India's sweeping new cybersecurity rules for internet-connected CCTV systems have sent shockwaves through the $3.5 billion surveillance industry, as foreign manufacturers face scrutiny over source code, factory inspections, and allegations of potential Chinese espionage. The policy, implemented in April, requires all CCTV makers-foreign and domestic-to submit hardware, software, and in some cases, proprietary code for security certification by government labs before they can operate in the country.
The measures, outlined in internal meeting minutes and emails reviewed by Reuters, have stalled hundreds of product approvals and strained relations with global tech firms. As of May 28, Indian regulators had received 342 applications covering hundreds of models, but only 35 had completed testing-just one of which was from a foreign company.
"Millions of dollars will be lost from the industry, sending tremors through the market," Ajay Dubey, South Asia director for South Korea's Hanwha, warned India's IT ministry in an April 9 email.
The rules follow long-standing national security concerns over Chinese surveillance equipment. In 2021, India disclosed that roughly one million cameras in its public sector were sourced from Chinese firms and potentially transferred video data to overseas servers. A senior Indian official told Reuters, "China is part of the concern."

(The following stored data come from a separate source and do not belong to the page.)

(* Let $m\ge 1$. In the chip-firing process on the self-loop graph beginning with $4m-1$ chips at site $0$ and run to completion, the number of firing moves at site $k$, for $-m\le k\le m$, is $(m-|k|)^2$.
   Context: The self-loop graph is the path graph on $\mathbb{Z}$ (each $i$ adjacent to $i\pm1$) with one self-loop at every vertex. A site can fire if it holds at least $3$ chips; firing sends one chip to each of the two neighboring sites and keeps one at the site. Running to completion means performing legal firing moves until every site has at most $2$ chips. *)

From mathcomp Require Import all_boot all_order all_algebra.
Set Implicit Arguments. Unset Strict Implicit. Unset Printing Implicit Defensive.
Import Order.TTheory GRing.Theory Num.Theory.
Local Open Scope ring_scope.

Definition config := int -> int.

(* Firing site x: x loses 3 chips, keeps one via the self-loop (net -2),
   and each neighbour x-1, x+1 gains one chip. *)
Definition fire (c : config) (x : int) : config :=
  fun y => if y == x then c y - 2
           else if (y == x + 1) || (y == x - 1) then c y + 1
           else c y.

Fixpoint legal_run (c : config) (s : seq int) : Prop :=
  match s with
  | [::] => True
  | x :: s' => 3 <= c x /\ legal_run (fire c x) s'
  end.

Definition run_result (c : config) (s : seq int) : config := foldl fire c s.

Definition stable (c : config) : Prop := forall y, c y <= 2.

Definition complete_run (c : config) (s : seq int) : Prop :=
  legal_run c s /\ stable (run_result c s).

Definition init_config (m : nat) : config :=
  fun y => if y == 0 then (4 * m - 1)%:Z else 0.

(* A run s has odometer u (u y = number of firings at y) and ends at c + Δu, Δ the
   discrete Laplacian.  The odometer u y = (m - |y|)^2 for |y| <= m, 0 otherwise, is
   nonnegative and stabilizes the initial pile, so by the least action principle it
   dominates the odometer of every legal run; legal runs are thus of bounded length and
   some run is complete.  For a complete run, d = u - odometer is nonnegative, vanishes
   at +-m, has Δd >= 0 off the origin and Δd(0) >= -1; convexity on each half-segment
   together with integrality forces d = 0. *)

From mathcomp Require Import all_boot all_order all_algebra zify.
From Stdlib Require Import Classical.
Set Implicit Arguments. Unset Strict Implicit. Unset Printing Implicit Defensive.
Import Order.TTheory GRing.Theory Num.Theory.
Local Open Scope ring_scope.

Definition odometer (s : seq int) (y : int) : int := (count_mem y s)%:Z.

Definition laplacian (v : int -> int) (y : int) : int :=
  v (y - 1) + v (y + 1) - 2 * v y.

Lemma odometer_cons x s y : odometer (x :: s) y = (x == y)%:Z + odometer s y.
Proof. by rewrite /odometer /= PoszD. Qed.

Lemma fireE c x y : fire c x y = c y + laplacian (fun z => (x == z)%:Z) y.
Proof.
rewrite /fire /laplacian.
by case: (y =P x) => ?; case: (y =P x + 1) => ?; case: (y =P x - 1) => ?;
  case: (x =P y - 1) => ?; case: (x =P y + 1) => ?; case: (x =P y) => ? /=; lia.
Qed.

Lemma run_resultE c s y : run_result c s y = c y + laplacian (odometer s) y.
Proof.
elim: s c => [|x s IHs] c; first by rewrite /laplacian /odometer /=; lia.
by rewrite /run_result /= -/(run_result _ _) IHs fireE /laplacian !odometer_cons; lia.
Qed.

(* Firing x forces v x >= 1, and v minus the indicator of x stabilizes fire c x. *)
Lemma least_action c s v : legal_run c s -> (forall y, 0 <= v y) ->
  (forall y, c y + laplacian v y <= 2) -> forall y, odometer s y <= v y.
Proof.
elim: s c v => [|x s IHs] c v /=; first by move=> _ v_ge0 _ y; apply: v_ge0.
move=> [cx_ge3 legal_s] v_ge0 v_stab.
have vx_ge1 : 1 <= v x.
  by have := v_stab x; have := v_ge0 (x - 1); have := v_ge0 (x + 1); rewrite /laplacian; lia.
pose v' y := v y - (x == y)%:Z.
have v'_ge0 y : 0 <= v' y by rewrite /v'; case: (x =P y) => [<-|] /=; have := v_ge0 y; lia.
have v'_stab y : fire c x y + laplacian v' y <= 2.
  by rewrite fireE /laplacian /v'; have := v_stab y; rewrite /laplacian; lia.
move=> y; have := IHs _ _ legal_s v'_ge0 v'_stab y.
by rewrite odometer_cons /v'; lia.
Qed.

Lemma legal_run_rcons c t x :
  legal_run c t -> 3 <= run_result c t x -> legal_run c (rcons t x).
Proof.
elim: t c => [|y t IHt] c /=; first by move=> _; split.
by move=> [cy_ge3 legal_t] tx_ge3; split; last apply: IHt.
Qed.

Lemma complete_run_exists_of_bounded c (N : nat) :
  (forall t, legal_run c t -> (size t <= N)%N) -> exists s, complete_run c s.
Proof.
move=> size_le.
suff [//|[t [legal_t size_t]]] : (exists s, complete_run c s) \/
    exists t, legal_run c t /\ size t = N.+1.
  by have := size_le t legal_t; rewrite size_t ltnn.
elim: N.+1 => [|n [|[t [legal_t size_t]]]]; [by right; exists [::] | by left |].
have [stable_t|/not_all_ex_not[x unstable_x]] :=
  classic (stable (run_result c t)); first by left; exists t.
right; exists (rcons t x); rewrite size_rcons size_t; split => //.
by apply: legal_run_rcons => //; lia.
Qed.

Lemma size_le_sum_count (T : eqType) (s w : seq T) :
  {subset s <= w} -> (size s <= \sum_(y <- w) count_mem y s)%N.
Proof.
move=> sub_sw.
have count_sum (r : seq T) z : count_mem z r = (\sum_(x <- r) (x == z))%N.
  by rewrite -sum1_count big_mkcond.
under eq_bigr do rewrite count_sum.
rewrite exchange_big -sum1_size big_seq [X in (_ <= X)%N]big_seq.
apply: leq_sum => x xs; under eq_bigr do rewrite eq_sym.
by rewrite -count_sum -has_count has_pred1 sub_sw.
Qed.

Section ConvexOnSegment.

Variables (f : int -> int) (n : int).
Hypothesis f_ge0 : forall y : int, 0 <= y <= n -> 0 <= f y.
Hypothesis f_n : f n = 0.
Hypothesis f_convex : forall y : int, 0 < y < n -> 0 <= laplacian f y.

Lemma convex_slope_le (x : int) (k : nat) : 0 <= x -> x + k < n ->
  f (x + 1) - f x <= f (x + k + 1) - f (x + k).
Proof.
elim: k => [|k IHk] x_ge0 xk_lt; first by rewrite addr0.
have -> : x + k.+1%:Z = x + k + 1 by lia.
have := @f_convex (x + k + 1); rewrite /laplacian addrK.
by have := IHk x_ge0; lia.
Qed.

Lemma convex_secant (x : int) (k : nat) : 0 <= x -> x + k <= n -> x < n ->
  k%:Z * (f (x + 1) - f x) <= f (x + k) - f x.
Proof.
elim: k => [|k IHk] x_ge0 xk_le x_lt; first by rewrite addr0 mul0r subrr.
have -> : x + k.+1%:Z = x + k + 1 by lia.
by have := @convex_slope_le x k x_ge0; have := IHk x_ge0; lia.
Qed.

Lemma convex_nonincreasing (x : int) : 0 <= x < n -> f (x + 1) <= f x.
Proof.
move=> /andP[x_ge0 x_lt]; have := @convex_secant x (absz (n - x)) x_ge0.
have -> : x + absz (n - x) = n by lia.
by rewrite f_n; have := @f_ge0 x; nia.
Qed.

Lemma convex_flat_vanish : f 0 <= f 1 -> forall y, 0 <= y <= n -> f y = 0.
Proof.
move=> f01 y /andP[y_ge0]; rewrite le_eqVlt => /predU1P[->//|y_lt].
have := @convex_slope_le 0 (absz y) (lexx 0).
have -> : 0 + (absz y)%:Z = y by lia.
have := @convex_secant y (absz (n - y)) y_ge0.
have -> : y + (absz (n - y))%:Z = n by lia.
by rewrite add0r f_n; have := @f_ge0 y; nia.
Qed.

End ConvexOnSegment.

Lemma laplacian_reflect v y : laplacian (fun z => v (- z)) y = laplacian v (- y).
Proof.
by rewrite /laplacian opprB (addrC 1) opprD [v (- y + 1) + _]addrC.
Qed.

(* Integrality matters: for rational-valued d the bound Δd(0) >= -1 would allow a small tent. *)
Lemma symmetric_convex_vanish (d : int -> int) (m : int) : 0 < m ->
  (forall y, - m <= y <= m -> 0 <= d y) -> d m = 0 -> d (- m) = 0 ->
  (forall y, 0 < `|y| < m -> 0 <= laplacian d y) -> -1 <= laplacian d 0 ->
  forall y, - m <= y <= m -> d y = 0.
Proof.
move=> m_gt0 d_ge0 d_m d_Nm d_convex d_lap0.
pose dN z := d (- z).
have right_ge0 y : 0 <= y <= m -> 0 <= d y by move=> ?; apply: d_ge0; lia.
have left_ge0 y : 0 <= y <= m -> 0 <= dN y by move=> ?; apply: d_ge0; lia.
have right_convex y : 0 < y < m -> 0 <= laplacian d y by move=> ?; apply: d_convex; lia.
have left_convex y : 0 < y < m -> 0 <= laplacian dN y.
  by move=> ?; rewrite laplacian_reflect; apply: d_convex; lia.
have right_vanish := convex_flat_vanish right_ge0 d_m right_convex.
have left_vanish := convex_flat_vanish left_ge0 d_Nm left_convex.
have right_le := convex_nonincreasing right_ge0 d_m right_convex.
have left_le := convex_nonincreasing left_ge0 d_Nm left_convex.
have dN0 : dN 0 = d 0 by rewrite /dN oppr0.
have d10 : d 1 <= d 0 := right_le 0 m_gt0.
have dN10 : d (- 1) <= d 0 := left_le 0 m_gt0.
have [right0 left0] : d 0 <= d 1 /\ dN 0 <= dN 1.
  have [d01|dN01] : d 0 <= d 1 \/ d 0 <= d (- 1).
    by have : -1 <= d (- 1) + d 1 - 2 * d 0 := d_lap0; lia.
  - split=> //; rewrite dN0 (right_vanish d01 0) ?lexx //; last by lia.
    by apply: left_ge0; lia.
  - split; last by rewrite dN0.
    rewrite -dN0 (left_vanish dN01 0) ?lexx //; last by lia.
    by apply: right_ge0; lia.
move=> y y_range; have [y_ge0|y_lt0] := lerP 0 y.
  by apply: right_vanish right0 _ _; lia.
by rewrite -[y]opprK; apply: left_vanish left0 _ _; lia.
Qed.

Definition square_odometer (m : nat) (y : int) : int :=
  if `|y| <= m%:Z then (m%:Z - `|y|) ^+ 2 else 0.

Lemma square_odometer_ge0 m y : 0 <= square_odometer m y.
Proof. by rewrite /square_odometer; case: ifP; rewrite ?sqr_ge0. Qed.

Lemma square_odometer_gt0 m y : 0 < square_odometer m y -> `|y| < m%:Z.
Proof. by rewrite /square_odometer expr2; case: ifP; nia. Qed.

Lemma square_odometer_final m y : (1 <= m)%N ->
  init_config m y + laplacian (square_odometer m) y =
  if y == 0 then 1 else if `|y| < m%:Z then 2 else if `|y| == m%:Z then 1 else 0.
Proof.
move=> m_gt0; rewrite /init_config /laplacian /square_odometer !expr2.
by repeat case: ifP; nia.
Qed.

Lemma square_odometer_final_le2 m y : (1 <= m)%N ->
  init_config m y + laplacian (square_odometer m) y <= 2.
Proof. by move=> m_gt0; rewrite square_odometer_final //; repeat case: ifP. Qed.

Lemma legal_run_odometer_le m t : (1 <= m)%N -> legal_run (init_config m) t ->
  forall y, odometer t y <= square_odometer m y.
Proof.
move=> m_gt0 legal_t; apply: least_action legal_t _ _ => y.
  exact: square_odometer_ge0.
exact: square_odometer_final_le2.
Qed.

Lemma legal_run_size_le m t : (1 <= m)%N -> legal_run (init_config m) t ->
  (size t <= \sum_(y <- [seq (i%:Z - m%:Z)%R | i <- iota 0 m.*2])
               absz (square_odometer m y))%N.
Proof.
move=> m_gt0 legal_t; have odometer_le := legal_run_odometer_le m_gt0 legal_t.
set window := [seq _ | i <- _].
have t_window : {subset t <= window}.
  move=> x x_t; have : 0 < odometer t x by rewrite ltz_nat -has_count has_pred1.
  move=> /lt_le_trans/(_ (odometer_le x))/square_odometer_gt0 x_lt.
  by apply/mapP; exists (absz (x + m%:Z)); rewrite ?mem_iota; lia.
apply: leq_trans (size_le_sum_count t_window) _.
by apply: leq_sum => y _; have := odometer_le y; rewrite /odometer; lia.
Qed.

Lemma complete_run_init_exists m : (1 <= m)%N ->
  exists s, complete_run (init_config m) s.
Proof.
by move=> m_gt0; apply: complete_run_exists_of_bounded => t; apply: legal_run_size_le.
Qed.

Lemma complete_run_odometer m s : (1 <= m)%N -> complete_run (init_config m) s ->
  odometer s =1 square_odometer m.
Proof.
move=> m_gt0 [legal_s stable_s].
have odometer_le := legal_run_odometer_le m_gt0 legal_s.
pose d y := square_odometer m y - odometer s y.
have lap_d y : laplacian d y =
    init_config m y + laplacian (square_odometer m) y - run_result (init_config m) s y.
  by rewrite run_resultE /laplacian /d; lia.
have final_y y := square_odometer_final y m_gt0.
have d_vanish : forall y, - m%:Z <= y <= m%:Z -> d y = 0.
  apply: symmetric_convex_vanish => [||||y y_range|].
  - by [].
  - by move=> y _; have := odometer_le y; rewrite /d; lia.
  - have := odometer_le m; rewrite /d /odometer /square_odometer expr2.
    by case: ifP; nia.
  - have := odometer_le (- m%:Z); rewrite /d /odometer /square_odometer expr2.
    by case: ifP; nia.
  - rewrite lap_d final_y; have := stable_s y; case: ifP => [/eqP y0|_].
      by move: y_range; rewrite y0 normr0 ltxx.
    by rewrite ifT; lia.
  - by rewrite lap_d final_y eqxx; have := stable_s 0; lia.
move=> y; have [y_le|y_gt] := lerP `|y| m%:Z.
  by have := d_vanish y; rewrite /d; lia.
by have := odometer_le y; rewrite /odometer /square_odometer; case: ifP; lia.
Qed.

Theorem lemma3p9 (m : nat) (hm : (1 <= m)%N) :
  (exists s : seq int, complete_run (init_config m) s) /\
  (forall s : seq int, complete_run (init_config m) s ->
     forall k : int, - (m%:Z) <= k <= m%:Z ->
       (count_mem k s)%:Z = (m%:Z - `|k|) ^+ 2).
Proof.
split; first exact: complete_run_init_exists.
move=> s s_complete k k_range.
rewrite -[LHS]/(odometer s k) (complete_run_odometer hm s_complete).
by rewrite /square_odometer ifT //; lia.
Qed.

Under the new regime, firms such as Hikvision, Xiaomi, Dahua, Hanwha, and Motorola Solutions must comply with government lab certification before selling products in India. The Standardization Testing and Quality Certification Directorate-under the Ministry of IT-currently reviews just 28 applications at a time across 15 labs.
Indian officials met with 17 camera manufacturers on April 3-including Bosch, Honeywell, Motorola, and Xiaomi-where companies pleaded for a delay, citing lack of readiness. According to official minutes, the government denied the request, stating the policy "addresses a genuine security issue."

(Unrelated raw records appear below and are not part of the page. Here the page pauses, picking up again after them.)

(* Let $(A,\mathfrak{g},\omega)$ be an $n$-plectic structure and $f_1,f_2\in\mathcal{P}ois(A,\mathfrak{g},\omega)$. Then $\{f_1,f_2\}$ is a well defined Poisson cotensor (independent of the choice of associated Hamilton tensors). If $x_1,x_2$ and $y_1,y_2$ are (homogeneous) tensors with $i_{x_i}\omega=df_i$ and $i_{y_i}\omega=f_i$, then the tensor $$y_{\{f_1,f_2\}}=[x_2,y_1]-(-1)^{(|x_1|-1)(|x_2|-1)}[x_1,y_2]$$ satisfies $i_{y_{\{f_1,f_2\}}}\omega=\{f_1,f_2\}$, and the tensor $$x_{\{f_1,f_2\}}:=[x_2,x_1]-(-1)^{(|x_1|-1)(|x_2|-1)}[x_1,x_2]$$ satisfies $i_{x_{\{f_1,f_2\}}}\omega=d\{f_1,f_2\}$.
   Context: A Lie Rinehart pair $(A,\mathfrak{g})$: $A$ a commutative associative unital $\mathbb{R}$-algebra, $\mathfrak{g}$ a real Lie algebra that is an $A$-module, with a Lie algebra morphism $D:\mathfrak{g}\to\mathrm{Der}(A)$ such that $[x,ay]=D_x(a)y+a[x,y]$; torsionless means $\mathfrak{g}\to\mathfrak{g}^{\vee\vee}$ ($\mathfrak{g}^\vee=\mathrm{Hom}_A(\mathfrak{g},A)$) is injective. Tensors $X(\mathfrak{g},A)=\bigoplus_k\Lambda^k_A\mathfrak{g}$, cotensors $\Omega(\mathfrak{g},A)=\bigoplus_k\Lambda^k_A\mathfrak{g}^\vee$; tensor grading $|x|=k$ for $x\in\Lambda^k_A\mathfrak{g}$, $|f|=-k$ for $f\in\Lambda^k_A\mathfrak{g}^\vee$. Right contraction: $\langle i_xf,z\rangle=\langle f,x\wedge z\rangle$ for all tensors $z$, with $\langle\cdot,\cdot\rangle$ the natural determinant pairing. De Rham differential: $df(x_0\wedge\cdots\wedge x_k)=\sum_j(-1)^jD_{x_j}(f(\cdots\widehat{x_j}\cdots))+\sum_{i<j}(-1)^{i+j}f([x_i,x_j]\wedge\cdots\widehat{x_i}\cdots\widehat{x_j}\cdots)$. Lie derivative along homogeneous tensor $x$: $L_xf=di_xf-(-1)^{|x|}i_xdf$. Schouten–Nijenhuis bracket on $X(\mathfrak{g},A)$: $[a,b]=0$, $[x,a]=[a,x]=D_x(a)$ for $a,b\in A$, $x\in\mathfrak{g}$, the Lie bracket on $\mathfrak{g}$, and $[x_1\wedge\cdots\wedge x_p,y_1\wedge\cdots\wedge y_q]=\sum_{i,j}(-1)^{i+j}[x_i,y_j]\wedge x_1\wedge\cdots\widehat{x_i}\cdots\wedge x_p\wedge y_1\wedge\cdots\widehat{y_j}\cdots\wedge y_q$, extended additively. An $n$-plectic structure is a torsionless Lie Rinehart pair with $\omega\in\Lambda^{n+1}_A\mathfrak{g}^\vee$, $d\omega=0$. A Poisson cotensor is a cotensor $f$ admitting tensors $x$ with $i_x\omega=df$ (Hamilton tensor) and $y$ with $i_y\omega=f$ (Poisson constraint); $\mathcal{P}ois(A,\mathfrak{g},\omega)$ is their set. The homotopy Poisson 2-bracket is defined for homogeneous $f_1,f_2\in\mathcal{P}ois(A,\mathfrak{g},\omega)$ with associated homogeneous Hamilton tensors $x_1,x_2$ by $\{f_1,f_2\}=-L_{x_1}f_2+(-1)^{(|x_1|-1)(|x_2|-1)}L_{x_2}f_1$, and extended by linearity. *)

From HB Require Import structures.
From mathcomp Require Import all_boot all_order all_algebra.
From mathcomp Require Import reals.
Set Implicit Arguments. Unset Strict Implicit. Unset Printing Implicit Defensive.
Import Order.TTheory GRing.Theory Num.Theory.
Local Open Scope ring_scope.

Section LieRinehart.
Variables (R : realType) (A : comAlgType R) (g : lmodType A).

(* (A, g) with bracket [br] and anchor [D] is a Lie-Rinehart pair:
   g is a real Lie algebra (real scalars act through r%:A), D is an
   A-linear Lie algebra morphism into the R-linear derivations of A,
   and the Leibniz rule [x, a y] = D_x(a) y + a [x, y] holds. *)
Record lie_rinehart (br : g -> g -> g) (D : g -> A -> A) : Prop := {
  lr_brDl : forall x y z, br (x + y) z = br x z + br y z;
  lr_brDr : forall x y z, br x (y + z) = br x y + br x z;
  lr_brZl : forall (r : R) x y, br (r%:A *: x) y = r%:A *: br x y;
  lr_brZr : forall (r : R) x y, br x (r%:A *: y) = r%:A *: br x y;
  lr_br_alt : forall x, br x x = 0;
  lr_jacobi : forall x y z, br x (br y z) + br y (br z x) + br z (br x y) = 0;
  lr_D_lin : forall (a : A) x y b, D (a *: x + y) b = a * D x b + D y b;
  lr_D_add : forall x b c, D x (b + c) = D x b + D x c;
  lr_D_scale : forall x (r : R) b, D x (r *: b) = r *: D x b;
  lr_D_mul : forall x b c, D x (b * c) = b * D x c + D x b * c;
  lr_D_br : forall x y b, D (br x y) b = D x (D y b) - D y (D x b);
  lr_leibniz : forall x (a : A) y, br x (a *: y) = D x a *: y + a *: br x y
}.

Definition Alinear (phi : g -> A) : Prop :=
  forall (a : A) u v, phi (a *: u + v) = a * phi u + phi v.

Definition torsionless : Prop :=
  forall x : g, (forall phi : g -> A, Alinear phi -> phi x = 0) -> x = 0.

Record dual := Dual { dval :> g -> A; dvalP : Alinear dval }.

Lemma Alinear0 : Alinear (fun _ => 0).
Proof. by move=> a u v; rewrite mulr0 addr0. Qed.
Definition dual0 : dual := Dual Alinear0.

(* Tensors: formal A-linear combinations of words x_1 /\ ... /\ x_k
   (representatives of elements of X(g,A) = (+)_k Lambda^k_A g). *)
Definition tensor := seq (A * seq g).
(* Cotensors: formal A-linear combinations of words f_1 /\ ... /\ f_k,
   f_i in g^vee (representatives of elements of (+)_k Lambda^k_A g^vee). *)
Definition cotensor := seq (A * seq dual).

Definition homog {T} (k : nat) (s : seq (A * seq T)) : bool :=
  all (fun p => size p.2 == k) s.

(* Cotensors are observed through the determinant pairing with tensors:
   a functional on words of g (the word x_1..x_k stands for x_1/\../\x_k). *)
Definition functional := seq g -> A.

Definition cot_eval (s : cotensor) : functional := fun xs =>
  \sum_(p <- s | size p.2 == size xs)
     p.1 * \det (\matrix_(i < size xs, j < size xs)
                   (nth dual0 p.2 i) (nth 0 xs j)).

Definition drop_at {T} (i : nat) (s : seq T) := take i s ++ drop i.+1 s.

Variables (br : g -> g -> g) (D : g -> A -> A).

Definition ictr (x : tensor) (F : functional) : functional := fun zs =>
  \sum_(p <- x) p.1 * F (p.2 ++ zs).

Definition deR (F : functional) : functional := fun xs =>
  \sum_(j < size xs) (-1) ^+ j * D (nth 0 xs j) (F (drop_at j xs)) +
  \sum_(i < size xs) \sum_(j < size xs | (i < j)%N)
     (-1) ^+ (i + j) * F (br (nth 0 xs i) (nth 0 xs j)
                             :: drop_at i (drop_at j xs)).

Definition lieD (x : tensor) (k : nat) (F : functional) : functional :=
  fun zs => deR (ictr x F) zs - (-1) ^+ k * ictr x (deR F) zs.

(* the sign (-1)^((k1-1)(k2-1)) *)
Definition psign (k1 k2 : nat) : A := (-1) ^+ (k1.+1 * k2.+1).

Definition pbr (x1 : tensor) (k1 : nat) (x2 : tensor) (k2 : nat)
  (F1 F2 : functional) : functional := fun zs =>
  - lieD x1 k1 F2 zs + psign k1 k2 * lieD x2 k2 F1 zs.

(* Schouten-Nijenhuis bracket on representatives. A term (a, x1::r) is the
   word (a x1) /\ r; a term (a, [::]) is the scalar a. *)
Definition absorb (a : A) (w : seq g) : seq g :=
  if w is x :: r then (a *: x) :: r else w.

Definition sn_word (w1 w2 : seq g) : tensor :=
  flatten (map (fun i => map (fun j => ((-1) ^+ (i + j),
                     br (nth 0 w1 i) (nth 0 w2 j) :: drop_at i w1 ++ drop_at j w2))
               (iota 0 (size w2))) (iota 0 (size w1))).

Definition sn_vs (w : seq g) (a : A) : tensor :=
  [seq ((-1) ^+ (size w - i.+1) * D (nth 0 w i) a, drop_at i w)
  | i <- iota 0 (size w)].

Definition sn_sv (a : A) (w : seq g) : tensor :=
  [seq ((-1) ^+ j.+1 * D (nth 0 w j) a, drop_at j w) | j <- iota 0 (size w)].

Definition sn_term (p q : A * seq g) : tensor :=
  match p.2, q.2 with
  | [::], [::] => [::]
  | [::], _ => sn_sv p.1 (absorb q.1 q.2)
  | _, [::] => sn_vs (absorb p.1 p.2) q.1
  | _, _ => sn_word (absorb p.1 p.2) (absorb q.1 q.2)
  end.

Definition schouten (s t : tensor) : tensor :=
  flatten (map (fun p => flatten (map (sn_term p) t)) s).

Definition tcomb (s : tensor) (c : A) (t : tensor) : tensor :=
  s ++ [seq (c * p.1, p.2) | p <- t].

End LieRinehart.

From mathcomp Require Import all_boot all_order all_algebra.
From mathcomp Require Import reals.
From mathcomp Require boolp.
From mathcomp Require Import ring zify.
From mathcomp Require Import fingroup perm.
Import Order.TTheory GRing.Theory Num.Theory.
Local Open Scope ring_scope.

Set Implicit Arguments.
Unset Strict Implicit.
Unset Printing Implicit Defensive.

(* Everything is Cartan calculus for functionals on words of g that are
   alternating and A-multilinear, as the functionals of cotensors are. With
   L_x = d i_x - (-1)^|x| i_x d, the Schouten bracket satisfies
   i_[x,y] = (-1)^((|x|-1)|y|) L_x i_y - i_y L_x, and d^2 = 0 makes L_x commute
   with d up to sign. For a Hamilton tensor x of f, L_x ω = d i_x ω = d d f = 0
   since dω = 0; hence i_[x2,y1] ω = +-L_x2 i_y1 ω = +-L_x2 f1 and
   i_[x2,x1] ω = +-L_x2 d f1 = -+d L_x2 f1, which give the Poisson constraint
   and the Hamilton tensor of {f1,f2}. Since contractions graded-commute,
   L_x f2 = d i_y2 i_x ω +- i_x2 i_x ω only depends on i_x ω, whence the
   independence of the Hamilton tensors. Finally a contraction of a cotensor
   is a cotensor (Laplace expansion), so {f1,f2}, being a contraction of ω,
   is one. *)

(** * Alternating multilinear functionals *)

Section AlternatingForms.
Variables (R : realType) (A : comAlgType R) (g : lmodType A).

Local Notation fn := (functional g).

Lemma signS k : (-1) ^+ k.+1 = - (-1) ^+ k :> A.
Proof. by rewrite exprS mulN1r. Qed.

Lemma sign_oddE k : (-1) ^+ k = (if odd k then -1 else 1) :> A.
Proof. by rewrite -signr_odd; case: (odd k). Qed.

Lemma sign_sq k : (-1) ^+ k * (-1) ^+ k = 1 :> A.
Proof. by rewrite -exprD -signr_odd addnn odd_double. Qed.

Lemma funE (F G : fn) : F =1 G -> F = G.
Proof. exact: boolp.funext. Qed.

Lemma drop_at0 T (x : T) xs : drop_at 0 (x :: xs) = xs.
Proof. by rewrite /drop_at /= drop0. Qed.

Lemma drop_atS T (x : T) xs j : drop_at j.+1 (x :: xs) = x :: drop_at j xs.
Proof. by []. Qed.

Lemma size_drop_at T (s : seq T) j : (j < size s)%N -> size (drop_at j s) = (size s).-1.
Proof. by move=> hj; rewrite /drop_at size_cat size_take size_drop hj; lia. Qed.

"The testing lab indicated that this requirement applies to applications originating from countries that share a land border with India," Xiaomi wrote in an April 24 email after being told its application required further registration details of two China-based manufacturers. The IT ministry did not respond to Reuters' queries about the company's account.
The rules stipulate that devices must include tamper-proof enclosures, robust malware detection, and encryption. Companies using non-standard communication protocols must also submit source code for evaluation, and regulators are empowered to conduct factory inspections abroad.
"Expectations such as source code sharing, retesting post firmware upgrades, and multiple factory audits significantly impact internal timelines," Infinova sales executive Sumeet Chanana wrote to ministry officials on April 10. On the same day, Sanjeev Gulati, India director for Taiwan's Vivotek, warned, "All ongoing projects will go on halt."
India's push to secure its surveillance infrastructure has intensified since border clashes with China in 2020. In parallel, it has banned dozens of Chinese apps and tightened investment rules for neighboring countries. "Anyone can operate and control internet-connected CCTV cameras sitting in an adverse location," said Gulshan Rai, India's cybersecurity chief from 2015 to 2019. "They need to be robust and secure."
The market implications are already visible. CP Plus, which controls 48% of India's camera market, told Reuters it had received certification for flagship models but awaits approval for others. Bosch requested regulators "allow business continuity" while testing is underway.
At New Delhi's Nehru Place electronics market, shop owner Sagar Sharma said camera sales had plummeted 50% from April due to supply constraints. "It is not possible right now to cater to big orders," he said. "We have to survive with the stock we have."